On a related note: we could push the package to PyPI or GH packages for installation via pip. Would that help?
If we continue using it, I would also appreciate a container image to speed up usage and to freeze the dependencies.
In https://github.com/gdcc/counter-processor/commit/4c662cda0e69a78da2e36114dedd2c0cefa1c5d2 I reverted the reasons stated in the README. In short, the code was used by Dryad but not anymore now that they plan to use https://github.com/datacite/datacite-tracker instead. (We have concerns about datacite-tracker only tracking browser requests, not API calls.)

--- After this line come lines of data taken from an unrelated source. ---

Section QuantumAlgebra.
Variables (n : nat) (q : nat -> Cc) (lam : nat -> nat -> Cc).
Variables (B : algType Cc) (y x : nat -> B).
Hypotheses (Aq : is_Aq n q lam y x)
  (q_neq0 : forall i, (1 <= i <= n)%N -> q i != 0)
  (lam_neq0 : forall i j, (1 <= i <= n)%N -> (1 <= j <= n)%N -> lam i j != 0).

Lemma Aq_rel_zgen i : (1 <= i <= n)%N ->
  x i * y i = q i *: (y i * x i) + (q i - 1) *: zgen y x i.-1.
Proof.
case: Aq => [[_ rel_eq] _] i_range; have [i_gt0 _] := andP i_range.
by rewrite /zgen prednK // -rel_eq // addrC subrK.
Qed.

Lemma Aq_y_normal (P : B -> Prop) i : is_ideal P -> (1 <= i <= n)%N ->
  P (zgen y x i.-1) -> forall w, commute_mod P (y i) w.
Proof.
move=> P_ideal i_range Pz; have [[rel_lt _] _] := Aq; have [i_ge1 i_le] := andP i_range.
apply: (is_Aq_ind Aq).
- exact: commute_mod1.
- exact: commute_modD.
- exact: commute_modM.
- exact: commute_modZ.
move=> j j_range; have [j_ge1 j_le] := andP j_range.
case: (ltngtP j i) => [lt_ji | lt_ij | ->].
- have [yy yx _ _] := rel_lt j i j_ge1 lt_ji i_le.
  by split; [apply: (commute_mod_skew P_ideal yy) | apply: (commute_mod_skew P_ideal yx)].
- have [yy _ xy _] := rel_lt i j i_ge1 lt_ij j_le.
  have lam_ji := lam_neq0 j_range i_range.
  have qlam_ij : q i * lam i j != 0 by rewrite mulf_neq0 ?q_neq0 ?lam_neq0.
  split; [apply: (commute_mod_skew P_ideal (c := (lam j i)^-1)) |
          apply: (commute_mod_skew P_ideal (c := (q i * lam i j)^-1))].
  + by rewrite yy scalerA mulVf // scale1r.
  + by rewrite xy scalerA mulVf // scale1r.
split; first by apply: (commute_mod_skew P_ideal (c := 1)); rewrite scale1r.
exists ((q i)^-1 *: x i).
have -> : y i * x i - (q i)^-1 *: x i * y i = - ((q i)^-1 * (q i - 1)) *: zgen y x i.-1.
  rewrite -scalerAl Aq_rel_zgen // scalerDr !scalerA mulVf ?q_neq0 // scale1r.
  by rewrite opprD addrA subrr add0r scaleNr.
exact: (idealZ P_ideal).
Qed.

Lemma Aq_admissible (P : B -> Prop) :
  (forall i, (1 <= i <= n)%N -> q i != 1) -> prime_ideal P ->
  admissible n P y x (zgen y x).
Proof.
move=> q_neq1 primeP i /andP [i_ge2 i_le]; have [P_ideal _] := primeP.
have i_gt0 : (0 < i)%N := ltnW i_ge2.
have i_range : (1 <= i <= n)%N by rewrite i_gt0.
split=> [P_gen | [Pz Pz']].
- have [Pyx Pxy] : P (y i * x i) /\ P (x i * y i).
    by case: P_gen => Pg; split; by [apply: (idealMr P_ideal) | apply: (idealMl P_ideal)].
  have Pz' : P (zgen y x i.-1).
    apply: (idealZV P_ideal (c := q i - 1)); first by rewrite subr_eq0 q_neq1.
    have -> : (q i - 1) *: zgen y x i.-1 = x i * y i - q i *: (y i * x i).
      by rewrite Aq_rel_zgen // [q i *: _ + _]addrC addrK.
    by apply: (idealB P_ideal) => //; apply: (idealZ P_ideal).
  by split=> //; apply/(ideal_zgen_step P_ideal i_gt0 Pyx).
- apply: (prime_ideal_normal primeP (Aq_y_normal P_ideal i_range Pz')).
  exact: (ideal_zgen_diff P_ideal i_gt0 Pz Pz').
Qed.

End QuantumAlgebra.

Section IdealPlus.
Variables (R : comPzRingType) (P : R -> Prop).
Hypothesis P_ideal : is_ideal P.

Definition ideal_plus (g a : R) := exists c, P (a - c * g).

Lemma ideal_plus_sub g a : P a -> ideal_plus g a.
Proof. by exists 0; rewrite mul0r subr0. Qed.

Lemma ideal_plus_gen g : ideal_plus g g.
Proof. by exists 1; rewrite mul1r subrr; apply: (ideal0 P_ideal). Qed.

Lemma ideal_plus_ideal g : is_ideal (ideal_plus g).
Proof.
split; first by apply: ideal_plus_sub; apply: (ideal0 P_ideal).
split=> [a b [c Pa] [c' Pb] | a b [c Pb]].
  exists (c + c'); rewrite mulrDl opprD addrACA; exact: (idealD P_ideal).
suff Pab : ideal_plus g (a * b) by split; rewrite // mulrC.
by exists (a * c); rewrite -mulrA -mulrBr; apply: (idealMl P_ideal).
Qed.

Lemma ideal_plus_mul g h : P (g * h) -> prod_sub (ideal_plus g) (ideal_plus h) P.
Proof.
move=> Pgh a b [c Pa] [c' Pb].
have -> : a * b = (a - c * g) * b + c * g * (b - c' * h) + c * c' * (g * h).
  by rewrite mulrBl mulrBr mulrACA addrA !subrK.
apply: (idealD P_ideal); last exact: (idealMl P_ideal).
by apply: (idealD P_ideal); [apply: (idealMr P_ideal) | apply: (idealMl P_ideal)].
Qed.

End IdealPlus.

Lemma mderiv_var (R : nzRingType) (m : nat) (a u : 'I_m) :
  mderiv a ('X_u : {mpoly R[m]}) = (u == a)%:R.
Proof.
rewrite mderivX mnm1E; case: eqP => [->|_]; last by rewrite scale0r.
have -> : (U_(a) - U_(a))%MM = 0%MM by apply/mnmP => j; rewrite mnmBE subnn mnm0E.
by rewrite mpolyX0 scale1r.
Qed.

Definition A1gen (n i : nat) (k : bool) : {mpoly Cc[n.*2]} := if k then X1 n i else Y1 n i.

Lemma A1gen_var n i k : (1 <= i <= n)%N ->
  exists u : 'I_(n.*2), [/\ A1gen n i k = 'X_u, (u./2).+1 = i & odd u = k].
Proof.
case/andP=> i_gt0 i_le; rewrite /A1gen /X1 /Y1 /var1.
case: k.
- have lt_u : ((i.-1).*2.+1 < n.*2)%N by rewrite -doubleS leq_double prednK.
  by exists (Ordinal lt_u); rewrite insubT /= uphalf_double odd_double prednK.
- have lt_u : ((i.-1).*2 < n.*2)%N by rewrite ltn_double prednK.
  by exists (Ordinal lt_u); rewrite insubT /= doubleK odd_double prednK.
Qed.

Section PoissonBracket.
Variables (n : nat) (d : Cc -> Cc) (q : nat -> Cc) (lam : nat -> nat -> Cc).
Local Notation pb := (pbr n d q lam).
Local Notation brvar u v :=
  (brgen n d q lam (nat_of_ord u)./2.+1 (odd u) (nat_of_ord v)./2.+1 (odd v)).

Lemma pbrDl f g h : pb (f + g) h = pb f h + pb g h.
Proof.
rewrite /pbr -big_split; apply: eq_bigr => a _.
by rewrite -big_split; apply: eq_bigr => b _; rewrite mderivD !mulrDl.
Qed.

Lemma pbrMl f g h : pb (f * g) h = f * pb g h + g * pb f h.
Proof.
rewrite /pbr !mulr_sumr -big_split; apply: eq_bigr => a _.
rewrite !mulr_sumr -big_split; apply: eq_bigr => b _.
by rewrite mderivM !mulrDl addrC !mulrA [_ * g]mulrC.
Qed.

Lemma pbr_var (u v : 'I_(n.*2)) : pb 'X_u 'X_v = brvar u v.
Proof.
rewrite /pbr (bigD1 u) //= addrC big1 ?add0r => [|a neq_au]; last first.
  by apply: big1 => b _; rewrite mderiv_var eq_sym (negbTE neq_au) !mul0r.
rewrite (bigD1 v) //= addrC big1 ?add0r => [|b neq_bv]; last first.
  by rewrite !mderiv_var eq_sym (negbTE neq_bv) mulr0 mul0r.
by rewrite !mderiv_var !eqxx !mul1r.
Qed.

Lemma pbr_var_ideal (I : {mpoly Cc[n.*2]} -> Prop) u h :
  is_ideal I -> (forall v : 'I_(n.*2), I (brvar u v)) -> I (pb 'X_u h).
Proof.
move=> I_ideal I_br.
apply: (big_ind I) => [||a _]; [exact: (ideal0 I_ideal) | exact: (idealD I_ideal) |].
apply: (big_ind I) => [||b _]; [exact: (ideal0 I_ideal) | exact: (idealD I_ideal) |].
rewrite mderiv_var; case: eqP => [<- | _]; first exact: (idealMl I_ideal).
by rewrite !mul0r; apply: (ideal0 I_ideal).
Qed.

Lemma brgen_ideal (I : {mpoly Cc[n.*2]} -> Prop) i k :
  is_ideal I -> I (A1gen n i k) -> I (zgen (Y1 n) (X1 n) i) ->
  forall j k', I (brgen n d q lam i k j k').
Proof.
move=> I_ideal Igen Iz j k'; rewrite /brgen /brlt.
case: ltnP => [_ | le_ji]; [| case: ltnP => [_ | le_ij]]; last first.
  have -> : j = i by apply/eqP; rewrite eqn_leq le_ji le_ij.
  by case: k {Igen}; case: k'; repeat first [exact: Iz | exact: (ideal0 I_ideal)
                                             | apply: (idealN I_ideal) | apply: (idealZ I_ideal)].
all: by case: k Igen; case: k' => Igen;
  repeat first [exact: (ideal0 I_ideal) | apply: (idealN I_ideal) | apply: (idealZ I_ideal)
               | exact: (idealMl I_ideal _ Igen) | exact: (idealMr I_ideal _ Igen)].
Qed.

Lemma poisson_ideal_plus_var (P : {mpoly Cc[n.*2]} -> Prop) u :
  poisson_ideal n d q lam P -> (forall v : 'I_(n.*2), ideal_plus P 'X_u (brvar u v)) ->
  poisson_ideal n d q lam (ideal_plus P 'X_u).
Proof.
move=> [P_ideal P_br] I_br; have I_ideal := ideal_plus_ideal P_ideal 'X_u.
split=> [// | a h [c Pa]].
rewrite -(subrK (c * 'X_u) a) pbrDl pbrMl.
apply: (idealD I_ideal); first by apply: ideal_plus_sub; apply: P_br.
apply: (idealD I_ideal); first by apply: (idealMl I_ideal); apply: pbr_var_ideal.
by apply: (idealMr I_ideal); apply: (ideal_plus_gen P_ideal).
Qed.

Lemma A1_admissible (P : {mpoly Cc[n.*2]} -> Prop) :
  (forall i, (1 <= i <= n)%N -> d (q i) != 0) -> poisson_prime n d q lam P ->
  admissible n P (Y1 n) (X1 n) (zgen (Y1 n) (X1 n)).
Proof.
move=> dq_neq0 [[P_ideal P_br] primeP] i /andP [i_ge2 i_le].
have i_gt0 : (0 < i)%N := ltnW i_ge2.
have i_range : (1 <= i <= n)%N by rewrite i_gt0.
have [u [Yu u_idx u_odd]] := A1gen_var false i_range.
have [v [Xv v_idx v_odd]] := A1gen_var true i_range.
have br_YX : pb (Y1 n i) (X1 n i) = - (d (q i) *: zgen (Y1 n) (X1 n) i).
  by rewrite -[Y1 n i]/(A1gen n i false) -[X1 n i]/(A1gen n i true) Yu Xv pbr_var
             u_idx u_odd v_idx v_odd /brgen ltnn.
have br_XY : pb (X1 n i) (Y1 n i) = d (q i) *: zgen (Y1 n) (X1 n) i.
  by rewrite -[Y1 n i]/(A1gen n i false) -[X1 n i]/(A1gen n i true) Yu Xv pbr_var
             u_idx u_odd v_idx v_odd /brgen ltnn.
split=> [P_gen | [Pz Pz']].
- have Pyx : P (Y1 n i * X1 n i).
    by case: P_gen => Pg; [apply: (idealMr P_ideal) | apply: (idealMl P_ideal)].
  suff Pz : P (zgen (Y1 n) (X1 n) i) by split; last apply/(ideal_zgen_step P_ideal i_gt0 Pyx).
  apply: (idealZV P_ideal (dq_neq0 i i_range)); case: P_gen => Pg.
  + by rewrite -[_ *: _]opprK -br_YX; apply/(idealN P_ideal)/P_br.
  + by rewrite -br_XY; apply: P_br.
- have Pyx := ideal_zgen_diff P_ideal i_gt0 Pz Pz'.
  have plus_poisson k : poisson_ideal n d q lam (ideal_plus P (A1gen n i k)).
    have [w [gw w_idx w_odd]] := A1gen_var k i_range.
    rewrite gw; apply: (poisson_ideal_plus_var (conj P_ideal P_br)) => b.
    rewrite w_idx w_odd; apply: brgen_ideal; first exact: (ideal_plus_ideal P_ideal).
    - by rewrite -gw; apply: (ideal_plus_gen P_ideal).
    - exact: ideal_plus_sub.
  have := primeP _ _ (plus_poisson false) (plus_poisson true) (ideal_plus_mul P_ideal Pyx).
  by case=> sub; [left | right]; apply: sub; apply: (ideal_plus_gen P_ideal).
Qed.

End PoissonBracket.

Lemma inG_q n q lam i : (1 <= i <= n)%N -> inG n q lam (q i).
Proof.
move=> i_range; exists (fun k => (k == i)%:Z), (fun _ _ => 0).
rewrite [X in _ * X]big1 => [|k _]; last by apply: big1 => l _; rewrite expr0z.
have -> : q i = \prod_(1 <= k < n.+1 | k == i) q k by rewrite big_nat1_eq ltnS i_range.
by rewrite mulr1 big_mkcond; apply: eq_bigr => k _; case: eqP; rewrite ?expr1z ?expr0z.
Qed.

Lemma d_spec_eq0 n q lam r (eta mu : 'I_r -> Cc) d g :
  is_basisG n q lam eta -> Qlin_indep mu -> d_spec eta mu d ->
  inG n q lam g -> d g = 0 -> g = 1.
Proof.
move=> [_ basis] indep dE Gg dg0; have [s [gE _]] := basis g Gg.
have s0 k : s k = 0.
  suff : [ffun k => (s k)%:~R : rat] k = 0 by rewrite ffunE => /eqP; rewrite intr_eq0 => /eqP.
  apply: indep; rewrite -[RHS]dg0 gE dE; apply: eq_bigr => l _.
  by rewrite ffunE ratr_int.
by rewrite gE big1 // => k _; rewrite s0 expr0z.
Qed.

Unset Implicit Arguments.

2025/01/21: Just pinging folks on this issue to understand next steps. @pdurbin What do we need to do to more this forward? Thanks!
@cmbz it's mostly a matter of prioritizing it. Then we make a release under gdcc and update the guides.
2025/01/21: Given that the issue already has a size, I am moving to Sprint Ready.
Looks like @stevenwinship already made a 1.0.5 release - is this issue just documentation now? Or were the docs already updated?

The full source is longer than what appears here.